• [Work to complete] Where the records below reach the line containing "by move=> t1", start transcribing, and end with the line containing "match x with inl (inl c) => w", exactly and with nothing else added.

Saved data entries
=== Begin Enclosure ===

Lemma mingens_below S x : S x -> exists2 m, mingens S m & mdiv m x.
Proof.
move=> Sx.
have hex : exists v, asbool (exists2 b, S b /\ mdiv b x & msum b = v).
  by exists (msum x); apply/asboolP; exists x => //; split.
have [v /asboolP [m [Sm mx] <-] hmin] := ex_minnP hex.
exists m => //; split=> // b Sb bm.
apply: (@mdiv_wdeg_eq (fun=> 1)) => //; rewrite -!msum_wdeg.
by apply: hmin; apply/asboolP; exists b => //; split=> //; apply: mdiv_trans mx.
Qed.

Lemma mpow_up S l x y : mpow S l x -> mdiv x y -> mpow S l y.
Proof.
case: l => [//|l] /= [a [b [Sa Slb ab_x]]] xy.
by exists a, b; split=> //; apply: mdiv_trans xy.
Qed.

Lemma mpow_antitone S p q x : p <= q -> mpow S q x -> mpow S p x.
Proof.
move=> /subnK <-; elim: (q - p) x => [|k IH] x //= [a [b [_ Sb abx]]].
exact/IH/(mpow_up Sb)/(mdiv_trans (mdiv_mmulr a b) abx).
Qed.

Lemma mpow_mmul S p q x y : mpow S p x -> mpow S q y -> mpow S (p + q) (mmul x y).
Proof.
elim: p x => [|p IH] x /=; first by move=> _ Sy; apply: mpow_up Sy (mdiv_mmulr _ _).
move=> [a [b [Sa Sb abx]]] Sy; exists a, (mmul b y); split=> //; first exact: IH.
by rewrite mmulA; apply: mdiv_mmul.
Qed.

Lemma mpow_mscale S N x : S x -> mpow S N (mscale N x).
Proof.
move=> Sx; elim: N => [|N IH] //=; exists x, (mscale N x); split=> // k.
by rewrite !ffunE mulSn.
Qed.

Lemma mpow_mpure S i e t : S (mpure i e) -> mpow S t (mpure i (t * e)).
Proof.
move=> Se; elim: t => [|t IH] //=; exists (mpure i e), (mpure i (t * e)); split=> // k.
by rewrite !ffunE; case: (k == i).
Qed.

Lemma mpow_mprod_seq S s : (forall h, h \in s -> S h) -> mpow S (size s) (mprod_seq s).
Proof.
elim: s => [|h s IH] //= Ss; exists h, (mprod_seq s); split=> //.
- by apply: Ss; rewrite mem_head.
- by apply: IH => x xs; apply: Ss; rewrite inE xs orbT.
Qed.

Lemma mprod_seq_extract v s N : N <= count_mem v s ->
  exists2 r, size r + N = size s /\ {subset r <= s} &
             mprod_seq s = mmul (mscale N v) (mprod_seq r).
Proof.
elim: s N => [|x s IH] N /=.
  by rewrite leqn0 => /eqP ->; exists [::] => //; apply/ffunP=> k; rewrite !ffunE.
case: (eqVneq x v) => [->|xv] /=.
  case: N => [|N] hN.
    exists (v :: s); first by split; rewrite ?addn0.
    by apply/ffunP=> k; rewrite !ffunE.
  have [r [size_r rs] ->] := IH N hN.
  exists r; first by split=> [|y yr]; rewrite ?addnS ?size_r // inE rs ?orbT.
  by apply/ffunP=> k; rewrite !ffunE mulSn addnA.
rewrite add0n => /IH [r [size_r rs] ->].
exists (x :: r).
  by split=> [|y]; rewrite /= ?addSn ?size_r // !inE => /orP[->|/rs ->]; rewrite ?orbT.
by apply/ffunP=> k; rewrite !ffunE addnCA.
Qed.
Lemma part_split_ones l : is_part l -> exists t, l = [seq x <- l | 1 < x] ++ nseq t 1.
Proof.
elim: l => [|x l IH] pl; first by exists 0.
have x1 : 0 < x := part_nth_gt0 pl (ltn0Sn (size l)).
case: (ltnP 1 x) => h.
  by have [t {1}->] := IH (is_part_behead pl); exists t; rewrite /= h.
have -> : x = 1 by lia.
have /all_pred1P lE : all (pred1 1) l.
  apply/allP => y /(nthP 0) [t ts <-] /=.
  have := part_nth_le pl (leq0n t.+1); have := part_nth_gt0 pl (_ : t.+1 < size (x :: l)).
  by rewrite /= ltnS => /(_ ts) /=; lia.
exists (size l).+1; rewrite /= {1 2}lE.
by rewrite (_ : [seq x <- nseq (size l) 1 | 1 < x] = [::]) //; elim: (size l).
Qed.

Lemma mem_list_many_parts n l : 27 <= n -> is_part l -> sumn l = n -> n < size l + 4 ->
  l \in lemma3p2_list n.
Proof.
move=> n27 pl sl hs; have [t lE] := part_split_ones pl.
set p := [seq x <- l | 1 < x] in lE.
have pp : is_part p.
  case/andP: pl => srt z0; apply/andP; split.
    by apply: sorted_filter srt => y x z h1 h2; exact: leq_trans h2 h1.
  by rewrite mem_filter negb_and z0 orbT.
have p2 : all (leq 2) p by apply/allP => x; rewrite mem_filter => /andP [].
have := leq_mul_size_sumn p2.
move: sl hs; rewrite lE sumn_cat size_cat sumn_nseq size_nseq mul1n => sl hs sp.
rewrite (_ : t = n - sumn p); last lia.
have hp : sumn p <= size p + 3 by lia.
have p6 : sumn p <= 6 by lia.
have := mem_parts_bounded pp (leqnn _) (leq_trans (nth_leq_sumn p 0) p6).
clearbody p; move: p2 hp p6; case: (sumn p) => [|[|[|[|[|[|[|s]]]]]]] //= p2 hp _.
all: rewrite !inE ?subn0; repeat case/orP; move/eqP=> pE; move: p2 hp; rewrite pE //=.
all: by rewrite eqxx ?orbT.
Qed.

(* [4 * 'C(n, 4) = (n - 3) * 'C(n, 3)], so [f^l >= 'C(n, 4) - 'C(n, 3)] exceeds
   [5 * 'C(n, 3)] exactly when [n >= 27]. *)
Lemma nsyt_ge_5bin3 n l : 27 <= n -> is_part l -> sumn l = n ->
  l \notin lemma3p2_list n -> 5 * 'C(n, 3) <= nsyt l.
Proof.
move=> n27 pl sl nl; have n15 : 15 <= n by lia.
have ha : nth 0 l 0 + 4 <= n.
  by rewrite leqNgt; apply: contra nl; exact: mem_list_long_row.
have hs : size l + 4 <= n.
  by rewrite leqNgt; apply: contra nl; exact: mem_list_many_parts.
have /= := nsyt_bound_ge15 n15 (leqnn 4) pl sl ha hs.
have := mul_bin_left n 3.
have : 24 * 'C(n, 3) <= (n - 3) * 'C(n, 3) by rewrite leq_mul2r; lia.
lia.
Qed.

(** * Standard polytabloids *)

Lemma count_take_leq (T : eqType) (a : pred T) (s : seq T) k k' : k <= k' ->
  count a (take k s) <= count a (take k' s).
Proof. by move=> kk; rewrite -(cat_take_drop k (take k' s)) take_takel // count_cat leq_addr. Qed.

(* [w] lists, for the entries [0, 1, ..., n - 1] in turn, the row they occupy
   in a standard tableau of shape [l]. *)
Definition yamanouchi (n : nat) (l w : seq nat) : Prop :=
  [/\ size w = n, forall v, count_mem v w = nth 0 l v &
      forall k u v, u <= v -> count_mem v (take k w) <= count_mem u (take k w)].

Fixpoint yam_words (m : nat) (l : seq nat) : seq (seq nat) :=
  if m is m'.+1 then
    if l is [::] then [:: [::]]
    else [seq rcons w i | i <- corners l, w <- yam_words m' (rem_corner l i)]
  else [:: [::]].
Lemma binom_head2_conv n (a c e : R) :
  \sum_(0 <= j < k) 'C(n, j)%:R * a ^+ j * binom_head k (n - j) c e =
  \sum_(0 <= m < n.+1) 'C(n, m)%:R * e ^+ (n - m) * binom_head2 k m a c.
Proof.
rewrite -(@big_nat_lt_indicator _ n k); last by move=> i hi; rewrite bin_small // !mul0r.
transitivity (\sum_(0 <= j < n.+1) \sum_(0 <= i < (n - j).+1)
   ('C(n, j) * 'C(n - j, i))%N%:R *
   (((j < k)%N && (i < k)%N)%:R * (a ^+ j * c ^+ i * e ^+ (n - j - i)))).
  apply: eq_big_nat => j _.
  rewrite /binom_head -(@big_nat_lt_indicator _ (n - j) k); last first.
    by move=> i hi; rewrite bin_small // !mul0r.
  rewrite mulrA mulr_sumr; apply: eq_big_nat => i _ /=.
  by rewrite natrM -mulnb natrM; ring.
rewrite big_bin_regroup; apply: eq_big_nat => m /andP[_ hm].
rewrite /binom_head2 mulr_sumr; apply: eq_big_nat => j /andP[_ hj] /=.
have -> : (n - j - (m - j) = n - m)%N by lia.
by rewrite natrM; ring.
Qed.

=== End Enclosure ===
=== Begin Enclosure ===

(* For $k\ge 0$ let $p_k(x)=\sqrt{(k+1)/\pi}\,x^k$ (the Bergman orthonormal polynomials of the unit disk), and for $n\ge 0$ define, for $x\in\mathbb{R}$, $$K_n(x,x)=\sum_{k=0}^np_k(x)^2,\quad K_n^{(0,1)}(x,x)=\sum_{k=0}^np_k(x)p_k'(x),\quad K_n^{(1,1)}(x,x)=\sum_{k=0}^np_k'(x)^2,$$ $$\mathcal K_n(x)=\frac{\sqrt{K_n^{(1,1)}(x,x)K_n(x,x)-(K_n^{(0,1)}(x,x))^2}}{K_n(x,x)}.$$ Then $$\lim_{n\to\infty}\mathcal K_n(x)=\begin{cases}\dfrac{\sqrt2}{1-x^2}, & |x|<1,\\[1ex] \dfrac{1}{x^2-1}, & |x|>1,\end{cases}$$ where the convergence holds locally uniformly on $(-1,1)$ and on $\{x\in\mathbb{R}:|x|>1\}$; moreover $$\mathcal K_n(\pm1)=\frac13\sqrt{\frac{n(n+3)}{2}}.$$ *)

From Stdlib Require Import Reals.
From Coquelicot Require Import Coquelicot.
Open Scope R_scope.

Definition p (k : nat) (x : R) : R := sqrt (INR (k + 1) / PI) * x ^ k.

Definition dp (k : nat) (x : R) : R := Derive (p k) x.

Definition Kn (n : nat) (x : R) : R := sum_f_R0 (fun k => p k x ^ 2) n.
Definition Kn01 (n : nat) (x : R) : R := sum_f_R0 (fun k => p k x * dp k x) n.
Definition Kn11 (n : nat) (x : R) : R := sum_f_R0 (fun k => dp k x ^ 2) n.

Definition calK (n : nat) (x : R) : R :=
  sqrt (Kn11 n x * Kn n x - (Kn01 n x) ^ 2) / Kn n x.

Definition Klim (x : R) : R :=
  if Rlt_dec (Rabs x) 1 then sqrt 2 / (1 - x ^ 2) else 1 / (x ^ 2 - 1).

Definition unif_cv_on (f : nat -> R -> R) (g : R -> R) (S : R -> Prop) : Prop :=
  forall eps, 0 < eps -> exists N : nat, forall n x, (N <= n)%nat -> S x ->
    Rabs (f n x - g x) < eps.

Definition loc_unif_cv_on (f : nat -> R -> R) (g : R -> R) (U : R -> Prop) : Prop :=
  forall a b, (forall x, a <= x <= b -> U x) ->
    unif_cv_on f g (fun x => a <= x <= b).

=== End Enclosure ===
=== Begin Enclosure ===

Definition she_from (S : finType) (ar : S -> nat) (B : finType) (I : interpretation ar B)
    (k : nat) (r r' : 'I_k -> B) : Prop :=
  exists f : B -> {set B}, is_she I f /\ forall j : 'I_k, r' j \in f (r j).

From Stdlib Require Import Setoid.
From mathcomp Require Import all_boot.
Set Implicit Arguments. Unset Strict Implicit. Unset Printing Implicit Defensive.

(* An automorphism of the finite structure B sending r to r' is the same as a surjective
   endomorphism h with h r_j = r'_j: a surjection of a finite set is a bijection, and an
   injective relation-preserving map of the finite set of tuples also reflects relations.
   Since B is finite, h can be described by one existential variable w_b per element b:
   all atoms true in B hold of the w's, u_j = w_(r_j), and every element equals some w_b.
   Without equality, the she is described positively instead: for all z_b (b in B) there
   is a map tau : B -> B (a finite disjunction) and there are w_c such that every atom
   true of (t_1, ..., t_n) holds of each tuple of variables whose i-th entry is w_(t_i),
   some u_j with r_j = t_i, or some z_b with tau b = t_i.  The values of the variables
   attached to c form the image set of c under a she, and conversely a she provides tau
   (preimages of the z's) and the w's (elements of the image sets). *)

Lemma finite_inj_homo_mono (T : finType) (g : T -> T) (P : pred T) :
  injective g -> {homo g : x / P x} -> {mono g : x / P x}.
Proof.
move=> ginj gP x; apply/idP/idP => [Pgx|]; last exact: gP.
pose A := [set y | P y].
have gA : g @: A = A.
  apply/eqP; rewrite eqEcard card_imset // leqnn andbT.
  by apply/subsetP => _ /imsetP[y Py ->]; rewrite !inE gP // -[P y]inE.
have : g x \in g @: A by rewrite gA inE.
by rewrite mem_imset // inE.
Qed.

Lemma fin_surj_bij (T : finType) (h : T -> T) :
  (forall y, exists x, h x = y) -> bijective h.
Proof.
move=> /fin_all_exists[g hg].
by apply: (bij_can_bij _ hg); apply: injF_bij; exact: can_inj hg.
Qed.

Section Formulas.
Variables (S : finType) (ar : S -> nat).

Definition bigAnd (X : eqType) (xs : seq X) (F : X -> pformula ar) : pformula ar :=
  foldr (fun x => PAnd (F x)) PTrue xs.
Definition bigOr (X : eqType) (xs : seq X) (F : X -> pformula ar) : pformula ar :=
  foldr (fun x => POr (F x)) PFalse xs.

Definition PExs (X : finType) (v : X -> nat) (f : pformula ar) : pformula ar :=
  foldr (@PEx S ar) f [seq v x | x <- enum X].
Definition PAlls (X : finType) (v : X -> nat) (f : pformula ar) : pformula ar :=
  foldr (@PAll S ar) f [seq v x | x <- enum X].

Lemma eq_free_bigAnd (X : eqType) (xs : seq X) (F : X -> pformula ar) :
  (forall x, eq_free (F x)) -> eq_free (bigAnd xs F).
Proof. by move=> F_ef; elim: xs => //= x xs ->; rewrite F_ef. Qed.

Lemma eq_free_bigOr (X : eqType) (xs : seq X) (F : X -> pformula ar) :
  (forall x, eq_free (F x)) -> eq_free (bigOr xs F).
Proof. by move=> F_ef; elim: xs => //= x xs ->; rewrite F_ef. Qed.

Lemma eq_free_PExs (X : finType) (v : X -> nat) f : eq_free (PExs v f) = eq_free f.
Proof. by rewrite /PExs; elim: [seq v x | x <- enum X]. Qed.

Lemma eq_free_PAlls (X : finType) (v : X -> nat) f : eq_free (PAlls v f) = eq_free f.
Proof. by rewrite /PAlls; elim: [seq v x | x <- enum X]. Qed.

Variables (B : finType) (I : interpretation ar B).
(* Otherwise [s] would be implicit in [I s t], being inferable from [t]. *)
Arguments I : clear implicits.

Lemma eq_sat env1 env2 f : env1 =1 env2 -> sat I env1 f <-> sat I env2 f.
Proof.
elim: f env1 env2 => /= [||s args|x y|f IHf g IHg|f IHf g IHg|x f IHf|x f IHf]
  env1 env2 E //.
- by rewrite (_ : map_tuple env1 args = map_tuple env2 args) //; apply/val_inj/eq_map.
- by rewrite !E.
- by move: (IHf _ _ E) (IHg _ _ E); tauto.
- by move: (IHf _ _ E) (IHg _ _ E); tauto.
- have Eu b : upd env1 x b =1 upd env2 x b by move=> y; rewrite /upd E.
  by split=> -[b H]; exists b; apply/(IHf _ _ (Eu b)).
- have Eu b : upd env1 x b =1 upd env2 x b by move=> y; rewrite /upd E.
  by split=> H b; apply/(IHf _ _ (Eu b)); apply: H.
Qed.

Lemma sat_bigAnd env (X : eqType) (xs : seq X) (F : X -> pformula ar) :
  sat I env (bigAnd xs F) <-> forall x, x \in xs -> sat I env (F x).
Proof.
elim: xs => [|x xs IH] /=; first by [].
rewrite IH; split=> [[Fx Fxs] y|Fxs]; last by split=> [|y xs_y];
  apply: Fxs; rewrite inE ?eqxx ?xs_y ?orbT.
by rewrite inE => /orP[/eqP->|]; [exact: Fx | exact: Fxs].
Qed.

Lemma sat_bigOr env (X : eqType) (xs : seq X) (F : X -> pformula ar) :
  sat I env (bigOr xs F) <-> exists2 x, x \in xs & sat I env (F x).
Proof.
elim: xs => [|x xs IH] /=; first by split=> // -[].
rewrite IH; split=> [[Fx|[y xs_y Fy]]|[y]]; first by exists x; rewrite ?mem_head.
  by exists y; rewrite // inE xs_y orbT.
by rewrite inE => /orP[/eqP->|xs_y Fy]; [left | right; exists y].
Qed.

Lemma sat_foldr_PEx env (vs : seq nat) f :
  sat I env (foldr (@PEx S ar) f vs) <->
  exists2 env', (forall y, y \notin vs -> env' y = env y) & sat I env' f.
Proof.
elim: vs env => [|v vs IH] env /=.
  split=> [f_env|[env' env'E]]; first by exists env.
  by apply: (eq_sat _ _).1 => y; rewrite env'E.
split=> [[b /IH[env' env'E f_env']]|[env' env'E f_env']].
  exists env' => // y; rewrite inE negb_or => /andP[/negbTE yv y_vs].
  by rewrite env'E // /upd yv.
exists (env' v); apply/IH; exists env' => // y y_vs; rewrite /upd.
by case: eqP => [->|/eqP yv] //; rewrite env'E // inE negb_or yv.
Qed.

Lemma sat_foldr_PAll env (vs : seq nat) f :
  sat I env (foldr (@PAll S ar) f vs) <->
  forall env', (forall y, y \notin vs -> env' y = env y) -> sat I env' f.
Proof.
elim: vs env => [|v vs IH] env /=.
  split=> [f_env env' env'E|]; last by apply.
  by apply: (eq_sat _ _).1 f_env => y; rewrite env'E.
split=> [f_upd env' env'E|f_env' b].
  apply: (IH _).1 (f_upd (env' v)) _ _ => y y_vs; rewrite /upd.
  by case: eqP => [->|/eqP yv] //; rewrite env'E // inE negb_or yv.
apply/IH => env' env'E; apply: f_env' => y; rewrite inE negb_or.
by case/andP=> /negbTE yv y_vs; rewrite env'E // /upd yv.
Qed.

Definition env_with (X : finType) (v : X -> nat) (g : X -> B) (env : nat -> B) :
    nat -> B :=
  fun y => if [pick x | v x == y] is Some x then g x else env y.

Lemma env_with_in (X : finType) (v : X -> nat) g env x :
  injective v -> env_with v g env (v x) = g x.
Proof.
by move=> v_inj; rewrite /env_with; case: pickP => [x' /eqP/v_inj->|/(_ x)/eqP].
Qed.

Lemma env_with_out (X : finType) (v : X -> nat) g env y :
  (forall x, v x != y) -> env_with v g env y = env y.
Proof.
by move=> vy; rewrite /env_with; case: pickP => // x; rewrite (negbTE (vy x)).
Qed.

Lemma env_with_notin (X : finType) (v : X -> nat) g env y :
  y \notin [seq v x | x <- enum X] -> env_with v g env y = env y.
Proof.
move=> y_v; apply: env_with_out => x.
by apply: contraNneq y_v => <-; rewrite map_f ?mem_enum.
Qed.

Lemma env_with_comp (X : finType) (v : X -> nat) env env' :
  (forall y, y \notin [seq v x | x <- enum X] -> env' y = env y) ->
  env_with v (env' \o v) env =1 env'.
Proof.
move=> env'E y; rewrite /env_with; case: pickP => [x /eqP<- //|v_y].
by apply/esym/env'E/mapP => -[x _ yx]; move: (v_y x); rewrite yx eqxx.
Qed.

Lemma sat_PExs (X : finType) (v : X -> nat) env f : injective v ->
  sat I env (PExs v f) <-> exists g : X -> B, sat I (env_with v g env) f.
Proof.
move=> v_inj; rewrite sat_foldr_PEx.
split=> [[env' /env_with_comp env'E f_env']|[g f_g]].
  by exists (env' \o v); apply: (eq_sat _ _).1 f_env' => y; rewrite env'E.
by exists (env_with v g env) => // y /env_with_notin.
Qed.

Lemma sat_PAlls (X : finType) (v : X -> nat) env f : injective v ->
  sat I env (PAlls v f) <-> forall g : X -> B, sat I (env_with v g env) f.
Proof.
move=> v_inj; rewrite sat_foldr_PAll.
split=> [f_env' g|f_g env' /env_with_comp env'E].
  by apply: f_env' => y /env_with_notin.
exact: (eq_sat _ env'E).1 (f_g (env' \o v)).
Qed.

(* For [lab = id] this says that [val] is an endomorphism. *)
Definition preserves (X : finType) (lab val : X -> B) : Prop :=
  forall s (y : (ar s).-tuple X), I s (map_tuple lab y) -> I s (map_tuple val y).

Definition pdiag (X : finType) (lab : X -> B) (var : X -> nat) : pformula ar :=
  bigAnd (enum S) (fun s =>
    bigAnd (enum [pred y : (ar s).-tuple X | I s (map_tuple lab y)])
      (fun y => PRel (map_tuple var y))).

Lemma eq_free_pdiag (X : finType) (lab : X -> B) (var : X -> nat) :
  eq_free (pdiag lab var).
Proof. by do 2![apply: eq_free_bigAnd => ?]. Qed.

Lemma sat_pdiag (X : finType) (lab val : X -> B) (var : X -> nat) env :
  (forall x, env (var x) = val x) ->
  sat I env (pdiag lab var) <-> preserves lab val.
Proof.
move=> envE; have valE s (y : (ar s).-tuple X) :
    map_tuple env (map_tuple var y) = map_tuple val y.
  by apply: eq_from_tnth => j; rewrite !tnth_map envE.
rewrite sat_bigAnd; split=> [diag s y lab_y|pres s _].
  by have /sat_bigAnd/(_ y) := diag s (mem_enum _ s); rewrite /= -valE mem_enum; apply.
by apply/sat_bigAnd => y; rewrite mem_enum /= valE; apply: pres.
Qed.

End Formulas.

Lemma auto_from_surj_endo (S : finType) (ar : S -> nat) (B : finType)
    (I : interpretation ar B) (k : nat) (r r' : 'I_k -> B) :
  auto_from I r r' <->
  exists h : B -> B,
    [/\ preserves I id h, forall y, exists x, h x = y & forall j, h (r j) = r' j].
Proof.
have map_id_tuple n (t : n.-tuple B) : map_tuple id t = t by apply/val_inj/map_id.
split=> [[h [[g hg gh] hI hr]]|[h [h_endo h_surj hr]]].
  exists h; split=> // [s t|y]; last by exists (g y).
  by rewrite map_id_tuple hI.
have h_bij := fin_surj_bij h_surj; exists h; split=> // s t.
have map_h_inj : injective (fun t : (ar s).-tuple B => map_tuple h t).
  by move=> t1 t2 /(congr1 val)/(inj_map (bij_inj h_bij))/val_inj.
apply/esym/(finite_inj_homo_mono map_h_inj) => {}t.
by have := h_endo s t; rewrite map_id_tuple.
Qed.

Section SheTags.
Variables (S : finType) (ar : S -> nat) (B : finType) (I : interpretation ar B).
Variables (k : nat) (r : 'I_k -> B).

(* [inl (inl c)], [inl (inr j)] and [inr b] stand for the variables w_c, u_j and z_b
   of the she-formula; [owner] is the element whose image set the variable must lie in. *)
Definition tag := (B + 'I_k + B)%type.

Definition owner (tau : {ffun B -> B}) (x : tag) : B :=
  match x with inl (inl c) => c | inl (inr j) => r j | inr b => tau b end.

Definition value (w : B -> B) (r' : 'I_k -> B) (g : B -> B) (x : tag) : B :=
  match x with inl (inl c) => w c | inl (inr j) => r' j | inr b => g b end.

=== End Enclosure ===

• [Result]
  by move=> t1 t2 /(congr1 val)/(inj_map (bij_inj h_bij))/val_inj.
apply/esym/(finite_inj_homo_mono map_h_inj) => {}t.
by have := h_endo s t; rewrite map_id_tuple.
Qed.

Section SheTags.
Variables (S : finType) (ar : S -> nat) (B : finType) (I : interpretation ar B).
Variables (k : nat) (r : 'I_k -> B).

(* [inl (inl c)], [inl (inr j)] and [inr b] stand for the variables w_c, u_j and z_b
   of the she-formula; [owner] is the element whose image set the variable must lie in. *)
Definition tag := (B + 'I_k + B)%type.

Definition owner (tau : {ffun B -> B}) (x : tag) : B :=
  match x with inl (inl c) => c | inl (inr j) => r j | inr b => tau b end.

Definition value (w : B -> B) (r' : 'I_k -> B) (g : B -> B) (x : tag) : B :=
  match x with inl (inl c) => w c | inl (inr j) => r' j | inr b => g b end.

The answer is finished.